Give the lab a name and description. On the next page, we are asked to select a host. Again, we can NOT choose a cluster, we must choose a single host. Once we choose the host it will suggest a Folder and Resource Pool that the restore VMs will be placed in. We can edit with the Configure…button or just click Next. The next page in the wizard asks for a Datastore that the host can see, click Choose… and select one. I believe I saw a suggestion that the free space should be about 10% of the size of the VMs being restored, but I am not sure where I saw that and cannot find a more solid recommendation now.

The next page is where the Proxy Appliance is created. Set the name with the first Configure… and the network settings with the second Configure… In network settings, wemust choose the same production network as the B&R Backup server for our simple setup (more advanced options are discussed in the manual as Advanced multi-host (manual configuration) but there are no guides for it, sorry). If that network supports DHCP, just click OK, otherwise we will need to provide our IPv4 (no IPv6 availability) address settings and DNS servers. We can also optionally allow the proxy appliance to be the VMs internet proxy, but we will skip that for now (directions in steps 4 and 5 here).

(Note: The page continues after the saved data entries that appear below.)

Definition up_face (e : edge n) : site n := let: (c, d, _) := e in (c, d, true).
Definition down_face (e : edge n) : site n := let: (c, d, k) := e in
  if k == e0 then (c, dec d, false) else if k == e1 then (dec c, d, false)
  else (c, d, false).

Lemma faces_of_edge {e : edge n} {x} : e \in face_edges x -> x = up_face e \/ x = down_face e.
Proof.
case: x => [[a b] []] /=; rewrite !inE -!orbA => /or3P [] /eqP -> /=; auto.
all: by right; rewrite inc_dec.
Qed.

Lemma card_face_edges x : (#|face_edges x| <= 3)%N.
Proof.
have card3 (T : finType) (u v w : T) : (#|[set u; v; w]| <= 3)%N.
  by apply: leq_trans (leq_card_setU _ _) _; rewrite cards1 cards2; case: (u != v).
by case: x => [[a b] []]; apply: card3.
Qed.

Definition nbrs x := [set j | nn x j].

(* Every site has at most three nearest neighbours: choosing for each
   neighbour a common edge is injective into the three edges of x. *)
Lemma card_nbrs x : (#|nbrs x| <= 3)%N.
Proof.
pose f j := odflt (ord0, ord0, e0) [pick e in face_edges x :&: face_edges j].
have fP j : j \in nbrs x -> f j \in face_edges x :&: face_edges j.
  rewrite inE => /andP [_ /set0Pn [e he]]; rewrite /f.
  by case: pickP => [//|/(_ e)]; rewrite he.
have f_inj : {in nbrs x &, injective f}.
  move=> j j' jx j'x E; have := fP j jx; have := fP j' j'x; rewrite -E !inE.
  move: (f j) => e /andP [_ ej'] /andP [ex ej].
  have [jnx j'nx] : j != x /\ j' != x.
    by move: jx j'x; rewrite !inE => /nn_neq; rewrite eq_sym => -> /nn_neq; rewrite eq_sym.
  move: jnx j'nx; case: (faces_of_edge ex) => ->;
    case: (faces_of_edge ej) => ->; case: (faces_of_edge ej') => -> //;
    by rewrite eqxx.
rewrite -(card_in_imset f_inj); apply: leq_trans (card_face_edges x).
apply: subset_leq_card; apply/subsetP => e /imsetP [j jx ->].
by have := fP j jx; rewrite inE => /andP [].
Qed.
End Neighbours.

Section LocalField.
Context {R : realFieldType}.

Note: The proxy appliance by default receives the same name as the lab. If you use vCheck, there is a plugin that alerts on VMs whose file location on the datastore doesn’t match the VM name, and spaces in VM names are changed to underscores on the filesystem. If you use this plugin, I suggest avoiding spaces in the VM’s name or adjusting your plugin settings to skip the virtual lab VMs to prevent false positives.

On the Networking tab, choose Advanced single-host (manual configuration). You can read up on the networking modes. Our use case calls for tests of VMs in multiple networks, so we must choose the Advanced/manual option. If the restored VMs are all in a single network, then the Basic/automatic mode will work. Click Next to start setting up the Isolated Networks.

The next tab is where we will add the various networks that restored VMs will exist in. We will add some now and we will need to return here in the future when more networks are added. There are unfortunately no cmdlets or functions in the Veeam PowerShell kit to do this… yet. There will be one Isolated Network already.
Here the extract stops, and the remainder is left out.